_Exercise data_
== Segment start ==
(* Satisfaction approval voting (SAV) is the only BSWAV rule (for the fixed $m$ and $k$) that satisfies party-proportionality and aversion to unanimous committees.
   Context: Let $\mathcal C=\{c_1,\dots,c_m\}$ ($m\ge2$) be the candidates, $\mathcal A$ the set of non-empty subsets of $\mathcal C$ (ballots), and a profile a map $A:N_A\to\mathcal A$ from a non-empty finite set of voters $N_A\subseteq\mathbb N$. Fix $k\in\{1,\dots,m-1\}$, and let $\mathcal W_k$ be the set of $k$-element subsets of $\mathcal C$ (committees). An ABC voting rule maps each profile to a non-empty subset of $\mathcal W_k$. A BSWAV rule is defined by a weight vector $\alpha\in\mathbb R^m_{\ge0}$ and chooses for each profile $A$ the committees $W$ maximizing $\sum_{i\in N_A}\alpha_{|A_i|}|A_i\cap W|$. SAV is the BSWAV rule with $\alpha_x=1/x$ for $x\in\{1,\dots,m\}$. A profile $A$ is a party-list profile if there is a partition $\mathcal P_A=\{P_1,\dots,P_\ell\}$ of $\mathcal C$ such that every voter's ballot equals some $P_j$; $n_j$ denotes the number of voters whose ballot is $P_j$. An ABC voting rule $f$ is party-proportional if for all party-list profiles $A$, all $W\in f(A)$, and all parties $P_i,P_j\in\mathcal P_A$ with $n_i/|P_i|<n_j/|P_j|$, $P_i\subseteq W$ implies $P_j\subseteq W$. $f$ satisfies aversion to unanimous committees if for all party-list profiles $A$ and parties $P_i\in\mathcal P_A$: if $W\subseteq P_i$ for all $W\in f(A)$, then $n_i/|P_i|>n_j$ for every other party $P_j\in\mathcal P_A$ with $|P_j|=1$. *)

From mathcomp Require Import all_boot all_order all_algebra.
From mathcomp Require Import reals.
Set Implicit Arguments. Unset Strict Implicit. Unset Printing Implicit Defensive.
Import Order.TTheory GRing.Theory Num.Theory.
Local Open Scope ring_scope.

Record profile (m : nat) := Profile {
  voters : seq nat;
  ballot : nat -> {set 'I_m};
  voters_uniq : uniq voters;
  voters_nonempty : voters != [::];
  ballots_nonempty : forall i, i \in voters -> ballot i != set0
}.

Definition committee (m k : nat) (W : {set 'I_m}) : bool := #|W| == k.

Definition ABC_rule (m : nat) := profile m -> {set {set 'I_m}}.

Definition is_ABC_rule (m k : nat) (f : ABC_rule m) : Prop :=
  forall A : profile m, f A != set0 /\ forall W, W \in f A -> committee k W.

Definition bswav_score (R : realType) (m : nat) (alpha : nat -> R)
    (A : profile m) (W : {set 'I_m}) : R :=
  \sum_(i <- voters A) alpha #|ballot A i| * (#|ballot A i :&: W|)%:R.

Definition BSWAV (R : realType) (m k : nat) (alpha : nat -> R) : ABC_rule m :=
  fun A => [set W : {set 'I_m} | committee k W &&
     [forall W' : {set 'I_m}, committee k W' ==>
        (bswav_score alpha A W' <= bswav_score alpha A W)]].

Definition sav_weight (R : realType) (x : nat) : R := (x%:R)^-1.

Definition SAV (R : realType) (m k : nat) : ABC_rule m :=
  BSWAV k (@sav_weight R).

Definition party_list_wrt (m : nat) (A : profile m) (P : {set {set 'I_m}}) : Prop :=
  partition P [set: 'I_m] /\ forall i, i \in voters A -> ballot A i \in P.

Definition is_party_list (m : nat) (A : profile m) : Prop :=
  exists P, party_list_wrt A P.

Definition nvotes (m : nat) (A : profile m) (Pj : {set 'I_m}) : nat :=
  count (fun i => ballot A i == Pj) (voters A).

Definition party_proportional (R : realType) (m : nat) (f : ABC_rule m) : Prop :=
  forall (A : profile m) (P : {set {set 'I_m}}), party_list_wrt A P ->
  forall W, W \in f A ->
  forall Pi Pj, Pi \in P -> Pj \in P ->
    (nvotes A Pi)%:R / (#|Pi|)%:R < (nvotes A Pj)%:R / (#|Pj|)%:R :> R ->
    Pi \subset W -> Pj \subset W.

Definition aversion_unanimous (R : realType) (m : nat) (f : ABC_rule m) : Prop :=
  forall (A : profile m) (P : {set {set 'I_m}}), party_list_wrt A P ->
  forall Pi, Pi \in P ->
    (forall W, W \in f A -> W \subset Pi) ->
    forall Pj, Pj \in P -> Pj != Pi -> #|Pj| = 1%N ->
      (nvotes A Pj)%:R < (nvotes A Pi)%:R / (#|Pi|)%:R :> R.

(* On a party-list profile the SAV weight of a candidate is the ratio n_j/|P_j| of its
   party, and a committee wins iff its candidates have maximal weights; this gives both
   axioms for SAV.  Conversely, compare a party Q of size x < m with a singleton party
   {c} whose ratio differs from that of Q by one.  If x*alpha_x > alpha_1, a large
   ratio makes the members of Q outweigh c although c has the larger ratio: when x <= k
   some winner contains Q but not c, against party-proportionality, and when x > k
   every winner lies inside Q although c has more votes than Q's ratio, against
   aversion to unanimous committees.  If x*alpha_x < alpha_1, symmetrically c
   outweighs Q with the smaller ratio.  Hence x*alpha_x = alpha_1 > 0, which makes the
   rule rank committees like SAV. *)

From mathcomp Require Import all_boot all_order all_algebra.
From mathcomp Require Import reals.
From mathcomp Require Import zify ring lra.
Set Implicit Arguments. Unset Strict Implicit. Unset Printing Implicit Defensive.
Import Order.TTheory GRing.Theory Num.Theory.
Local Open Scope ring_scope.

Lemma exists_subset_card (T : finType) (S : {set T}) (n : nat) :
  (n <= #|S|)%N -> exists2 A : {set T}, A \subset S & #|A| = n.
Proof.
case/card_geqP => s [s_uniq s_size s_sub]; exists [set x in s].
  by apply/subsetP => x; rewrite inE => /s_sub.
by rewrite cardsE (card_uniqP s_uniq).
Qed.

Lemma exists_nested_sets m x k : (x <= k < m)%N ->
  exists c : 'I_m, exists Q W : {set 'I_m},
    [/\ #|Q| = x, #|W| = k, Q \subset W & c \notin W].
Proof.
case/andP=> x_le_k k_lt_m; pose c : 'I_m := Ordinal (leq_ltn_trans (leq0n k) k_lt_m).
have [W W_c card_W] : exists2 W : {set 'I_m}, W \subset ~: [set c] & #|W| = k.
  by apply: exists_subset_card; rewrite cardsC1 card_ord; lia.
have [Q Q_W card_Q] : exists2 Q : {set 'I_m}, Q \subset W & #|Q| = x.
  by apply: exists_subset_card; rewrite card_W.
exists c, Q, W; split=> //.
by apply/negP => /(subsetP W_c); rewrite !inE eqxx.
Qed.

Lemma exists_crossing_sets m x k : (0 < x < m)%N -> (0 < k < m)%N ->
  exists c e : 'I_m, exists Q W : {set 'I_m},
    [/\ #|Q| = x, #|W| = k, c \in W :\: Q & e \in Q :\: W].
Proof.
move=> /andP[x_gt0 x_lt_m] /andP[k_gt0 k_lt_m].
have [c [e [_ _ c_e]]] : exists c e : 'I_m, [/\ c \in setT, e \in setT & c != e].
  by apply/card_gt1P; rewrite cardsT card_ord; lia.
have card_ce : #|~: [set c; e]| = (m - 2)%N by rewrite cardsCs setCK cards2 c_e card_ord.
have [Q Q_ce card_Q] : exists2 Q : {set 'I_m}, Q \subset ~: [set c; e] & #|Q| = x.-1.
  by apply: exists_subset_card; rewrite card_ce; lia.
have [W W_ce card_W] : exists2 W : {set 'I_m}, W \subset ~: [set c; e] & #|W| = k.-1.
  by apply: exists_subset_card; rewrite card_ce; lia.
have notin_ce (S : {set 'I_m}) : S \subset ~: [set c; e] -> (c \notin S) && (e \notin S).
  by move/subsetP => S_ce; apply/andP; split; apply/negP => /S_ce; rewrite !inE eqxx ?orbT.
have /andP[cQ eQ] := notin_ce _ Q_ce; have /andP[cW eW] := notin_ce _ W_ce.
exists c, e, (e |: Q), (c |: W); split.
- by rewrite cardsU1 eQ card_Q; lia.
- by rewrite cardsU1 cW card_W; lia.
- by rewrite !inE eqxx negb_or c_e cQ.
- by rewrite !inE eqxx negb_or eq_sym c_e eW.
Qed.

Lemma card_swap (T : finType) (W : {set T}) d p : d \in W -> p \notin W ->
  #|p |: (W :\ d)| = #|W|.
Proof.
by move=> dW pW; rewrite cardsU1 !inE negb_and pW orbT (cardsD1 d W) dW add1n.
Qed.

Lemma ler_sum_threshold (R : numDomainType) (T : finType) (w : T -> R) (t : R) (W W' : {set T}) :
  #|W'| = #|W| -> (forall j, j \in W -> t <= w j) -> (forall j, j \notin W -> w j <= t) ->
  \sum_(j in W') w j <= \sum_(j in W) w j.
Proof.
move=> card_W' t_le_W W_le_t.
rewrite (big_setID (A := W') W) [leRHS](big_setID (A := W) W') /= setIC lerD2l.
have card_D : #|W' :\: W| = #|W :\: W'|.
  by have := cardsID W W'; have := cardsID W' W; rewrite setIC; lia.
apply: (@le_trans _ _ (\sum_(j in W' :\: W) t)).
  by apply: ler_sum => j; rewrite inE => /andP[/W_le_t].
rewrite sumr_const card_D -sumr_const.
by apply: ler_sum => j; rewrite inE => /andP[_ /t_le_W].
Qed.

Lemma exists_natmul_gt (R : archiNumFieldType) (d y : R) :
  0 < d -> 0 <= y -> exists N : nat, y < N%:R * d.
Proof.
move=> d_gt0 y_ge0; exists (Num.bound (y / d)).
by rewrite -(ltr_pdivrMr _ _ d_gt0) archi_boundP // divr_ge0 // ltW.
Qed.

Lemma natr_ratio (R : numFieldType) (N x : nat) :
  (0 < x)%N -> (N * x)%:R / x%:R = N%:R :> R.
Proof. by move=> x_gt0; rewrite natrM mulfK // pnatr_eq0 -lt0n. Qed.

Section ApprovalWeight.
Variables (R : realType) (m : nat).
Implicit Types (alpha : nat -> R) (A : profile m) (W : {set 'I_m}).

Definition approval_weight alpha A (j : 'I_m) : R :=
  \sum_(v <- voters A) alpha #|ballot A v| * (j \in ballot A v)%:R.

Lemma bswav_scoreE alpha A W :
  bswav_score alpha A W = \sum_(j in W) approval_weight alpha A j.
Proof.
rewrite /bswav_score /approval_weight (exchange_big _ _ (voters A)) /=.
apply: eq_bigr => v _; rewrite -mulr_sumr; congr (_ * _).
rewrite -sum1_card natr_sum big_mkcond [RHS]big_mkcond /=.
by apply: eq_bigr => j _; rewrite inE; case: (j \in ballot A v); case: (j \in W).
Qed.

Lemma bswav_score_swap alpha A W d p : d \in W -> p \notin W ->
  bswav_score alpha A (p |: (W :\ d)) =
  bswav_score alpha A W - approval_weight alpha A d + approval_weight alpha A p.
Proof.
move=> dW pW; rewrite !bswav_scoreE big_setU1 /=; last by rewrite !inE negb_and pW orbT.
by rewrite [in RHS](big_setD1 d dW) /=; ring.
Qed.

Lemma bswav_winner_swap k alpha A W d p : W \in BSWAV k alpha A ->
  d \in W -> p \notin W -> approval_weight alpha A p <= approval_weight alpha A d.
Proof.
rewrite inE => /andP[W_k /forallP W_max] dW pW.
have := implyP (W_max (p |: (W :\ d))).
rewrite /committee card_swap // (eqP W_k) eqxx bswav_score_swap // => /(_ isT).
lra.
Qed.

Lemma bswav_swap_winner k alpha A W d p : W \in BSWAV k alpha A ->
  d \in W -> p \notin W -> approval_weight alpha A d <= approval_weight alpha A p ->
  p |: (W :\ d) \in BSWAV k alpha A.
Proof.
rewrite !inE => /andP[W_k /forallP W_max] dW pW le_dp.
rewrite {1}/committee card_swap // -/(committee k W) W_k /=.
apply/forallP => W'; apply/implyP => W'_k; apply: (le_trans (implyP (W_max W') W'_k)).
by rewrite bswav_score_swap //; lra.
Qed.

Lemma bswav_threshold_winner k alpha A W t : #|W| = k ->
  (forall j, j \in W -> t <= approval_weight alpha A j) ->
  (forall j, j \notin W -> approval_weight alpha A j <= t) -> W \in BSWAV k alpha A.
Proof.
move=> card_W t_le_W W_le_t; rewrite inE /committee card_W eqxx /=.
apply/forallP => W'; apply/implyP => /eqP card_W'; rewrite !bswav_scoreE.
by apply: (ler_sum_threshold (t := t)); rewrite ?card_W.
Qed.

Lemma bswav_winner_sub k alpha A (Q : {set 'I_m}) : (k <= #|Q|)%N ->
  (forall p j, p \in Q -> j \notin Q -> approval_weight alpha A j < approval_weight alpha A p) ->
  forall W, W \in BSWAV k alpha A -> W \subset Q.
Proof.
move=> k_le_Q Q_heavy W W_win; apply/subsetP => j jW; apply/negPn/negP => jQ.
have [p pQ pW] : exists2 p, p \in Q & p \notin W.
  apply/subsetPn/negP => QW; move/negP: jQ; apply.
  move: W_win; rewrite inE => /andP[/eqP card_W _].
  by have /eqP -> : Q == W by rewrite eqEcard QW card_W.
have := bswav_winner_swap W_win jW pW.
by rewrite leNgt Q_heavy.
Qed.

Lemma bswav_winner_exists k alpha A : (k <= m)%N -> exists W, W \in BSWAV k alpha A.
Proof.
move=> k_le_m.
have [W0 _ card_W0] : exists2 W0 : {set 'I_m}, W0 \subset setT & #|W0| = k.
  by apply: exists_subset_card; rewrite cardsT card_ord.
have W0_k : committee k W0 by rewrite /committee card_W0.
have [W W_k W_max] := @arg_maxP _ R _ _ (committee k) (bswav_score alpha A) W0_k.
exists W; rewrite inE W_k /=; apply/forallP => W'; apply/implyP; exact: W_max.
Qed.

Lemma approval_weight_party_list alpha A P j : party_list_wrt A P ->
  approval_weight alpha A j = alpha #|pblock P j| * (nvotes A (pblock P j))%:R.
Proof.
case=> /and3P[/eqP coverP trivP _] ballotP.
rewrite /approval_weight /nvotes -sum1_count natr_sum mulr_sumr [RHS]big_mkcond /=.
rewrite big_seq [RHS]big_seq; apply: eq_bigr => v /ballotP vP.
have [jv|jv] := boolP (j \in ballot A v).
  by rewrite (def_pblock trivP vP jv) eqxx mulr1.
have [v_j|] := eqVneq (ballot A v) (pblock P j); last by rewrite mulr0.
by move: jv; rewrite v_j mem_pblock coverP inE.
Qed.

End ApprovalWeight.

Section SAVProperties.
Variables (R : realType) (m k : nat).

Lemma sav_approval_weight (A : profile m) P B c : party_list_wrt A P -> B \in P -> c \in B ->
  approval_weight (@sav_weight R) A c = (nvotes A B)%:R / (#|B|)%:R.
Proof.
move=> A_P BP cB; rewrite (approval_weight_party_list _ _ A_P).
by case: A_P => /and3P[_ trivP _] _; rewrite (def_pblock trivP BP cB) mulrC.
Qed.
== Segment end ==
_Assigned task_
From the entries above, write out only the lines starting at the line that holds "by move/subsetP =>" and ending at the line that holds "- by rewrite !inE eqxx negb_or c_e cQ.", keeping both and matching them exactly.

_Response to the exercise_
  by move/subsetP => S_ce; apply/andP; split; apply/negP => /S_ce; rewrite !inE eqxx ?orbT.
have /andP[cQ eQ] := notin_ce _ Q_ce; have /andP[cW eW] := notin_ce _ W_ce.
exists c, e, (e |: Q), (c |: W); split.
- by rewrite cardsU1 eQ card_Q; lia.
- by rewrite cardsU1 cW card_W; lia.
- by rewrite !inE eqxx negb_or c_e cQ.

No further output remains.